■ ACTIVITY: All lines in the material below that contain "continuations" should be located and copied.

╭─ EXTRACTED DATA

(* Let $x \geq 1$ and $m \geq 1$ be integers. For $k \geq 1$, let $\mathcal{C}_{k,x}$ be the set of binary words of length $k$ containing no pattern from $\mathcal{T}_x = \{0\mathbf{1}^y0,\ 1\mathbf{0}^y1 : 1\le y\le x\}$ as a contiguous substring, listed in increasing lexicographic order (equivalently, increasing order as binary numbers with the leftmost bit most significant), and let $g(k,x,\mathbf{c}) \in \{0,1,\dots,N(k,x)-1\}$ be the position (index, starting from $0$) of $\mathbf{c}$ in this list, where $N(k,x)=|\mathcal{C}_{k,x}|$ for $k\ge 1$ and $N(k,x)\triangleq 2$ for all integers $k\le 1$. Let $\mathbf{c}' \in \mathcal{C}_{m+1,x}$, let $\mathbf{c}$ be the word formed by the $m$ rightmost bits of $\mathbf{c}'$, and (when $m-x\ge 1$) let $\mathbf{c}''$ be the word formed by the $m-x$ rightmost bits of $\mathbf{c}'$. Then: (1) if $\mathbf{c}'$ begins with $00$, then $g(m+1,x,\mathbf{c}') = g(m,x,\mathbf{c})$; (2) if $\mathbf{c}'$ begins with $0\mathbf{1}^{x+1}$, then $g(m+1,x,\mathbf{c}') = g(m,x,\mathbf{c}) - \tfrac12\left[N(m,x)-N(m-x,x)\right]$; (3) if $\mathbf{c}'$ begins with $\mathbf{1}^y\mathbf{0}^{x+1}$ for some $2 \le y \le x+1$, then $g(m+1,x,\mathbf{c}') = g(m,x,\mathbf{c}) + N(m-x,x)$; (4) if $\mathbf{c}'$ begins with $1\mathbf{0}^{x+1}$, then $g(m+1,x,\mathbf{c}') = g(m-x,x,\mathbf{c}'') + \tfrac12 N(m+1,x)$; (5) if $\mathbf{c}'$ begins with $1\mathbf{1}^{x+1}$, then $g(m+1,x,\mathbf{c}') = g(m-x,x,\mathbf{c}'') + N(m,x)$. (In each case the words $\mathbf{c}$, $\mathbf{c}''$ belong to $\mathcal{C}_{m,x}$, $\mathcal{C}_{m-x,x}$ respectively.)
   Context: $\mathbf{0}^r$ (resp. $\mathbf{1}^r$) denotes a run of $r$ consecutive $0$'s (resp. $1$'s). ''Begins with'' a pattern means the leftmost bits of the word equal that pattern (so the case is vacuous if the pattern is longer than $m+1$). *)

(* Binary words are [seq bool] with [false] = 0, [true] = 1,
   leftmost element = leftmost (most significant) bit. *)
From mathcomp Require Import all_boot all_order all_algebra.
Set Implicit Arguments. Unset Strict Implicit. Unset Printing Implicit Defensive.

Definition bin (k i : nat) : seq bool :=
  [seq odd (i %/ 2 ^ (k - 1 - j)) | j <- iota 0 k].

Definition pat0 (y : nat) : seq bool := false :: nseq y true ++ [:: false].
Definition pat1 (y : nat) : seq bool := true :: nseq y false ++ [:: true].

Definition avoidsT (x : nat) (w : seq bool) : bool :=
  all (fun y => ~~ infix (pat0 y) w && ~~ infix (pat1 y) w) (iota 1 x).

Definition Clist (k x : nat) : seq (seq bool) :=
  [seq w <- [seq bin k i | i <- iota 0 (2 ^ k)] | avoidsT x w].

Definition g (k x : nat) (c : seq bool) : nat := index c (Clist k x).

Definition N (k : int) (x : nat) : nat :=
  if (1 < k)%R then size (Clist `|k|%N x) else 2.

Definition rightmost (r : nat) (w : seq bool) : seq bool := drop (size w - r) w.

(* In lexicographic order, the rank of the word b :: w among the admissible words
   is the rank of w among the admissible continuations of the prefix [:: b], plus,
   when b = 1, the number of admissible words starting with 0.  Which continuations
   are admissible depends on the prefix only through three facts: a repeated bit
   can be dropped (00 ~ 0, 11 ~ 1); a run of x+1 equal bits forgets the bit before
   it (1 0^(x+1) ~ 0, 0 1^(x+1) ~ 1); and 0 1^j 0, 1 0^j 1 with 1 <= j <= x admit
   no continuation.  Complementing all bits gives N(k+1,x) = 2 h(k), where
   h(k) = [ext1 k] counts the admissible words of length k+1 starting with 1, and
   the facts above give h(x+k+1) = h(x+k) + h(k). *)

From mathcomp Require Import all_boot all_order all_algebra.
From mathcomp Require Import zify lra.
Import GRing.Theory Num.Theory.

Set Implicit Arguments.
Unset Strict Implicit.
Unset Printing Implicit Defensive.

Lemma prefix_map_inj (T U : eqType) (f : T -> U) : injective f ->
  forall s t, prefix (map f s) (map f t) = prefix s t.
Proof. by move=> f_inj s t; elim: t s => [|b t IH] [|a s] //=; rewrite inj_eq // IH. Qed.

Lemma infix_map_inj (T U : eqType) (f : T -> U) : injective f ->
  forall s t, infix (map f s) (map f t) = infix s t.
Proof.
move=> f_inj s t; elim: t => [|b t IH]; first by case: s.
by rewrite map_cons !infix_consl -map_cons prefix_map_inj // IH.
Qed.

Lemma nseqSr (T : Type) n (a : T) : nseq n.+1 a = rcons (nseq n a) a.
Proof. by elim: n => //= n <-. Qed.

Lemma rightmost_cat r s t : size t = r -> rightmost r (s ++ t) = t.
Proof. by move=> <-; rewrite /rightmost size_cat addnK drop_size_cat. Qed.

Lemma rightmost_run (b b' : bool) k d :
  rightmost (size d).+1 (b :: nseq k.+1 b' ++ d) = b' :: d.
Proof. by rewrite nseqSr cat_rcons -cat_cons rightmost_cat. Qed.

Fixpoint words k : seq (seq bool) :=
  if k is k'.+1 then map (cons false) (words k') ++ map (cons true) (words k')
  else [:: [::]].

Lemma mem_words k w : (w \in words k) = (size w == k).
Proof.
elim: k w => [|k IH] [|b w] //=; rewrite mem_cat.
  by apply/negbTE; rewrite negb_or; apply/andP; split; apply/mapP => -[].
have mem_map_cons b1 b2 v :
    (b1 :: v \in map (cons b2) (words k)) = (b1 == b2) && (size v == k).
  by rewrite -IH; apply/mapP/andP => [[u hu [-> ->]] | [/eqP -> hv]]; last exists v.
by rewrite !mem_map_cons eqSS; case: b; rewrite ?orbF.
Qed.

Lemma bin_lt k i : i < 2 ^ k -> bin k.+1 i = false :: bin k i.
Proof.
move=> lt_i; rewrite /bin /= subn0 subn1 /= divn_small //; congr (_ :: _).
rewrite (iotaDl 1 0 k) -map_comp; apply/eq_map => j /=.
by rewrite subnDA.
Qed.

Lemma bin_addX k i : i < 2 ^ k -> bin k.+1 (2 ^ k + i) = true :: bin k i.
Proof.
move=> lt_i; rewrite /bin /= subn0 subn1 /= divnDl // divnn expn_gt0 /= divn_small //.
congr (_ :: _); rewrite (iotaDl 1 0 k) -map_comp; apply/eq_in_map => j.
rewrite mem_iota /= => lt_j; have le_e : k - 1 - j <= k by lia.
rewrite subnDA divnDl ?dvdn_exp2l // oddD -expnB // oddX.
by have -> : (k - (k - 1 - j) == 0) = false by lia.
Qed.

Lemma map_bin_iota k : [seq bin k i | i <- iota 0 (2 ^ k)] = words k.
Proof.
elim: k => [|k IH] //=.
rewrite expnS mul2n -addnn iotaD map_cat add0n -IH -!map_comp; congr (_ ++ _).
  by apply/eq_in_map => i; rewrite mem_iota /= => lt_i; rewrite bin_lt.
rewrite -{1}(addn0 (2 ^ k)) iotaDl -map_comp.
by apply/eq_in_map => i; rewrite mem_iota /= => lt_i; rewrite bin_addX.
Qed.

Section Ranking.
Variable P : pred (seq bool).

Definition ext p k := count (fun v => P (p ++ v)) (words k).

Definition rank p w := index w [seq v <- words (size w) | P (p ++ v)].

Definition same_ext p q := forall v, P (p ++ v) = P (q ++ v).

Lemma ext0 p : ext p 0 = P p.
Proof. by rewrite /ext /= cats0 addn0. Qed.

Lemma extS p k : ext p k.+1 = ext (rcons p false) k + ext (rcons p true) k.
Proof.
rewrite /ext /= count_cat !count_map.
by congr (_ + _); apply: eq_count => v /=; rewrite cat_rcons.
Qed.

Lemma filter_words_cons p b k :
  [seq v <- map (cons b) (words k) | P (p ++ v)] =
  map (cons b) [seq v <- words k | P (rcons p b ++ v)].
Proof. by rewrite filter_map; congr map; apply: eq_filter => v /=; rewrite cat_rcons. Qed.

Lemma rank_true p w :
  rank p (true :: w) = ext (rcons p false) (size w) + rank (rcons p true) w.
Proof.
rewrite /rank /= filter_cat !filter_words_cons index_cat size_map size_filter.
rewrite ifF; last by apply/negbTE/mapP => -[].
by rewrite index_map // => u v [].
Qed.

Lemma rank_false p w : P (p ++ false :: w) ->
  rank p (false :: w) = rank (rcons p false) w.
Proof.
move=> Pw; rewrite /rank /= filter_cat !filter_words_cons index_cat.
rewrite ifT; last by apply/mapP; exists w; rewrite // mem_filter cat_rcons Pw mem_words /=.
by rewrite index_map // => u v [].
Qed.

Lemma rank_falses p i d : P (p ++ nseq i false ++ d) ->
  rank p (nseq i false ++ d) = rank (p ++ nseq i false) d.
Proof.
elim: i p => [|i IH] p /=; first by rewrite cats0.
by move=> Pd; rewrite rank_false // IH -cats1 -catA.
Qed.

Lemma eq_ext p q : same_ext p q -> ext p =1 ext q.
Proof. by move=> pq k; apply: eq_count => v; apply: pq. Qed.

Lemma eq_rank p q : same_ext p q -> rank p =1 rank q.
Proof. by move=> pq w; rewrite /rank (eq_filter pq). Qed.

Lemma ext_dead p k : (forall v, ~~ P (p ++ v)) -> ext p k = 0.
Proof.
move=> dead; apply/eqP; rewrite -leqn0 leqNgt -has_count.
by apply/hasPn => v _; apply: dead.
Qed.

End Ranking.

Section Avoidance.
Variable x : nat.
Local Notation A := (avoidsT x).
Local Notation ext1 := (ext A [:: true]).

Definition head_free w :=
  all (fun y => ~~ prefix (pat0 y) w && ~~ prefix (pat1 y) w) (iota 1 x).

Lemma avoidsT_cons b w : A (b :: w) = head_free (b :: w) && A w.
Proof.
rewrite /avoidsT /head_free -all_predI; apply: eq_all => y; cbv beta.
by rewrite !infix_consl !negb_or andbACA.
Qed.

Lemma avoidsT_catr s t : A (s ++ t) -> A t.
Proof.
move=> /allP st; apply/allP => y /st /andP[p0 p1].
by apply/andP; split; [move: p0 | move: p1]; apply: contra; apply: infix_catl.
Qed.

Lemma avoidsT_drop n w : A w -> A (drop n w).
Proof. by rewrite -{1}(cat_take_drop n w); apply: avoidsT_catr. Qed.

╰─

■ ANSWER BOX:
   is the rank of w among the admissible continuations of the prefix [:: b], plus,
   when b = 1, the number of admissible words starting with 0.  Which continuations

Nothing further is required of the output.